Cult Rooms

You know the rooms. The Currier Ten-Man. That one in Quincy with the deck on the library roof. You've admired them. You've partied in them. Here's what it's like to live in them.

How do you get to live in a legend? How do you become the envy of your peers? Out of all of the rooms on campus, how do you end up in one that everyone knows?

The trick is to get a good lottery number. And maybe to have fate on your side.

Across Harvard's campus, there are a lot of rooms. And there are a few Rooms. Rooms that are called by names, not numbers. Rooms that go early in the lottery. Rooms with an image--a personality.

Maybe there's a Room in every house. Maybe there are only a handful.

"I think we're fulfilling our destiny by living here," says Charles P. Arnold '92. He's one of Them--the 10 Currier House seniors who have chosen (and been chosen) to spend their senior year providing a valuable service to 6400 undergraduates who need to blow off a little steam. They live in the "10-Man." That's all you need to say. Everyone knows what you mean.

"It's got to be one of the best party sites on campus--and it's ours," says Aleksi I. Suvanto '92. "We're basically living in a bar and that's what we all consider it."

On Saturday night, as a toga party rocked inside the Currier Fishbowl, the 10-Man opened its doors--and private staircase--for its inaugural party of the year. The bash, all of its residents agree, was a definite success.

It required some work--10-Man residents rotated half-hour shifts manning the bar (ID required for service) and standing by the door, keeping the crowds from flooding inside. And there were definitely crowds--both outside the door and inside the room.

The 10-Man, its residents understand, is more than just a suite. It's a responsibility. Last week, there was a meeting with the Currier House Masters, and some tutors. The purpose: to outline the rules, the alcohol policy and the building codes. To address expectations.

"They want to make sure we have fun, they want to make sure we stay in school," Charles W. "Chuckie" Hughes '92 explains.

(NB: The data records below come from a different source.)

Lemma radial_extension : exists H : V -> V,
  [/\ bijective H, bilipschitz_on setT H & forall a, sphere a -> H a = phi a].
Proof.
exists radial; split; last exact: radial_sphere.
  have [g radialK] := choice radial_surj.
  by exists g => // x; apply: radial_inj; rewrite radialK.
exists (m / (m + 2)), (2 * M + 1); split.
- by rewrite divr_gt0 // addr_gt0.
- have m2_gt0 : 0 < m + 2 by rewrite addr_gt0.
  apply: (@le_trans _ _ 1); first by rewrite ler_pdivrMr // mul1r; lra.
  by rewrite lerDr mulr_ge0.
- by move=> x y _ _; split; [exact: radial_lower | exact: radial_lipschitz].
Qed.

End RadialExtension.

Section HausdorffDimension.
Variables (R : realType) (n : nat).
Local Notation V := 'rV[R]_n.
Local Notation en := (@enorm R n).

Lemma hcover_term_ge0 s (U : set V) : (0 <= hcover_term s U)%E.
Proof. by rewrite /hcover_term; case: pselect => // U0; rewrite lee_fin powR_ge0. Qed.

Lemma hausdorff_pre_ge0 s d (E : set V) : (0 <= hausdorff_pre s d E)%E.
Proof.
apply/ereal_infP => y [U _ Uy]; rewrite -Uy.
by apply: nneseries_ge0 => k _ _; apply: hcover_term_ge0.
Qed.

Lemma hausdorff_measure_eq0P s (E : set V) :
  hausdorff_measure s E = 0%E <-> forall d, 0 < d -> hausdorff_pre s d E = 0%E.
Proof.
split => [E0 d d0 | pre0].
  apply/eqP; rewrite eq_le hausdorff_pre_ge0 andbT -E0.
  by apply: ereal_sup_ubound; exists d.
apply/eqP; rewrite eq_le; apply/andP; split.
  by apply/ereal_supP => y [d d0 <-]; rewrite pre0.
apply: le_ereal_sup_tmp; exists (hausdorff_pre s 1 E); last exact: hausdorff_pre_ge0.
by exists 1 => //=; apply: ltr01.
Qed.

Lemma ediam_ge_enorm (U : set V) x y : U x -> U y -> ((en (x - y))%:E <= ediam U)%E.
Proof. by move=> Ux Uy; apply: ereal_sup_ubound; exists x, y. Qed.

Lemma ediam_ge0 (U : set V) x : U x -> (0 <= ediam U)%E.
Proof. by move=> Ux; have := ediam_ge_enorm Ux Ux; rewrite subrr enorm0. Qed.

Lemma ediam_le (U : set V) (D : R) :
  (forall x y, U x -> U y -> en (x - y) <= D) -> (ediam U <= D%:E)%E.
Proof. by move=> UD; apply/ereal_supP => z [x [y [Ux Uy ->]]]; rewrite lee_fin UD. Qed.

Lemma ediam_fin_num (U : set V) x (d : R) :
  U x -> (ediam U <= d%:E)%E -> ediam U \is a fin_num.
Proof. by move=> Ux Ud; rewrite ge0_fin_numE ?(ediam_ge0 Ux) // (le_lt_trans Ud) ?ltey. Qed.

Section LipschitzImage.
Variables (f : V -> V) (K : R).
Hypotheses (K_gt0 : 0 < K) (f_lip : forall x y, en (f x - f y) <= K * en (x - y)).

Lemma ediam_image_le (U : set V) : ediam U \is a fin_num ->
  (ediam (f @` U) <= (K * fine (ediam U))%:E)%E.
Proof.
move=> Ufin; apply: ediam_le => _ _ [x Ux <-] [y Uy <-].
apply: le_trans (f_lip _ _) _; rewrite ler_pM2l //.
by rewrite -lee_fin fineK //; apply: ediam_ge_enorm.
Qed.

Lemma hcover_term_image_le s (U : set V) (d : R) : 0 <= s -> (ediam U <= d%:E)%E ->
  (hcover_term s (f @` U) <= (K `^ s)%:E * hcover_term s U)%E.
Proof.
move=> s0 Ud; rewrite /hcover_term.
case: (pselect (U = set0)) => [U0|Un0]; case: (pselect (f @` U = set0)) => [fU0|fUn0].
- by rewrite mule0.
- by exfalso; apply: fUn0; rewrite U0 image_set0.
- by rewrite -EFinM lee_fin mulr_ge0 // powR_ge0.
have [x Ux] : exists x, U x by apply/set0P/eqP.
have Ufin := ediam_fin_num Ux Ud.
have fU_le := ediam_image_le Ufin.
have fUfin : ediam (f @` U) \is a fin_num by apply: ediam_fin_num fU_le; exists x.
rewrite -EFinM lee_fin -powRM ?(ltW K_gt0) ?fine_ge0 ?(ediam_ge0 Ux) //.
apply: ge0_ler_powR; rewrite ?nnegrE ?fine_ge0 ?(ediam_ge0 (imageP f Ux)) //.
  by rewrite mulr_ge0 ?(ltW K_gt0) ?fine_ge0 ?(ediam_ge0 Ux).
by rewrite -lee_fin fineK.
Qed.

Lemma hausdorff_measure_image_eq0 s (E : set V) : 0 <= s ->
  hausdorff_measure s E = 0%E -> hausdorff_measure s (f @` E) = 0%E.
Proof.
move=> s0 /hausdorff_measure_eq0P E0; apply/hausdorff_measure_eq0P => d d0.
apply/eqP; rewrite eq_le hausdorff_pre_ge0 andbT.
apply/lee_addgt0Pr => e e0; rewrite add0e.
set c := K `^ s; have c_gt0 : 0 < c by apply: powR_gt0.
(* A (d / K)-cover of E of cost < e / c maps to a d-cover of f @` E of cost < e. *)
have : (hausdorff_pre s (d / K) E < (e / c)%:E)%E.
  by rewrite E0 ?lte_fin ?divr_gt0.
move=> /ereal_inf_lt [_ [U [cover diamU] <-] costU].
apply: (@le_trans _ _ (\sum_(0 <= k <oo) hcover_term s (f @` U k))%E).
  apply: ereal_inf_lbound; exists (fun k => f @` U k) => //; split.
    by move=> _ [x Ex <-]; have [k _ Ukx] := cover x Ex; exists k => //; exists x.
  move=> k; apply: ediam_le => _ _ [x Ux <-] [y Uy <-]; apply: le_trans (f_lip _ _) _.
  rewrite -ler_pdivlMl // mulrC -lee_fin.
  exact: le_trans (ediam_ge_enorm Ux Uy) (diamU k).
apply: (@le_trans _ _ (\sum_(0 <= k <oo) (c%:E * hcover_term s (U k)))%E).
  apply: lee_nneseries => [k _ _|k _]; first exact: hcover_term_ge0.
  exact: hcover_term_image_le s0 (diamU k).
rewrite nneseriesZl; last by move=> k _; apply: hcover_term_ge0.
have -> : e = c * (e / c) by rewrite mulrC divfK // gt_eqF.
by rewrite EFinM lee_wpmul2l ?lee_fin ?ltW.
Qed.

End LipschitzImage.

Lemma hausdorff_dim_bilipschitz_image (f : V -> V) (E : set V) :
  bijective f -> bilipschitz_on setT f -> hausdorff_dim (f @` E) = hausdorff_dim E.
Proof.
move=> [g fK gK] [K1 [K2 [K1_gt0 K12 f_bilip]]].
have K2_gt0 : 0 < K2 := lt_le_trans K1_gt0 K12.
have f_lip x y : en (f x - f y) <= K2 * en (x - y) by have [] := f_bilip x y I I.
have g_lip x y : en (g x - g y) <= K1^-1 * en (x - y).
  rewrite -(ler_pM2l K1_gt0) mulrA mulfV ?gt_eqF // mul1r.
  by have [+ _] := f_bilip (g x) (g y) I I; rewrite !gK.
have gfE : g @` (f @` E) = E by rewrite image_comp eq_image_id // => x _ /=; rewrite fK.
rewrite /hausdorff_dim; congr ereal_inf; congr image.
apply/seteqP; split => s /= [s0 Es]; split => //.
  have K1V_gt0 : 0 < K1^-1 by rewrite invr_gt0.
  rewrite -gfE; exact: (hausdorff_measure_image_eq0 K1V_gt0 g_lip s0 Es).
exact: (hausdorff_measure_image_eq0 K2_gt0 f_lip s0 Es).
Qed.

End HausdorffDimension.

Unset Implicit Arguments.

Theorem theorem2p25 (R : realType) (n : nat) (h : 'rV[R]_n -> 'rV[R]_n) (r : R) :
  0 < r ->
  h 0 = 0 ->
  bilipschitz_on (eball0 r) h ->
  (exists2 s : R, 0 < s & eball0 s `<=` h @` eball0 r) ->
  (forall a : 'rV[R]_n, sphere a ->
     exists b : 'rV[R]_n, dir_set (h @` (semiline a `&` eball0 r)) = [set b]) ->
  (exists H : 'rV[R]_n -> 'rV[R]_n,
     [/\ bijective H, bilipschitz_on setT H &
         forall a : 'rV[R]_n, sphere a -> H a = hbar h a]) /\
  (forall A : set 'rV[R]_n, closure A 0 ->
     [/\ hbar h @` dir_set A = dir_set (h @` (LD A `&` eball0 r)),
         dir_set (h @` (LD A `&` eball0 r)) = dir_set (h @` (A `&` eball0 r)) &
         hausdorff_dim (dir_set A) = hausdorff_dim (dir_set (h @` (A `&` eball0 r)))]).
Proof.
move=> r_gt0 h0 [K1 [K2 [K1_gt0 K12 h_bilip]]] h_onto h_ssp.
have K2_gt0 : 0 < K2 := lt_le_trans K1_gt0 K12.
have [H [H_bij H_bilip H_hbar]] : exists H : 'rV[R]_n -> 'rV[R]_n,
    [/\ bijective H, bilipschitz_on setT H & forall a, sphere a -> H a = hbar h a].
  apply: (@radial_extension _ _ _ (K1 / (2 * K2)) (2 * K2 / K1)).
  - by rewrite divr_gt0 ?mulr_gt0.
  - by rewrite divr_ge0 ?mulr_ge0 ?ltW.
  - exact: sphere_hbar r_gt0 h0 K1_gt0 K12 h_bilip h_ssp.
  - exact: hbar_bilipschitz_sphere r_gt0 h0 K1_gt0 K12 h_bilip h_ssp.
  - exact: hbar_onto_sphere r_gt0 h0 K1_gt0 K12 h_bilip h_ssp h_onto.
split; first by exists H.
(* The identities hold for every A; [closure A 0] only excludes empty direction sets. *)
move=> A _.
have Dh := dir_set_image r_gt0 h0 K1_gt0 K12 h_bilip h_ssp.
rewrite !Dh dir_set_LD; split => //.
rewrite -(hausdorff_dim_bilipschitz_image (dir_set A) H_bij H_bilip).
by congr hausdorff_dim; apply: eq_imagel => a /dir_setP[sa _]; rewrite H_hbar.
Qed.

And although the party was, as Suvanto describes it, "a full house," the Currier powers-that-be were apparently pleased with the results. Which is good news, because more trust means more parties. And that, of course, is what it's all about.

"It's just going to be the kind of senior year that you always hear about," Hughes says.

Alan Lefkowitz '92 agrees. "We're just here to have the best year of our lives."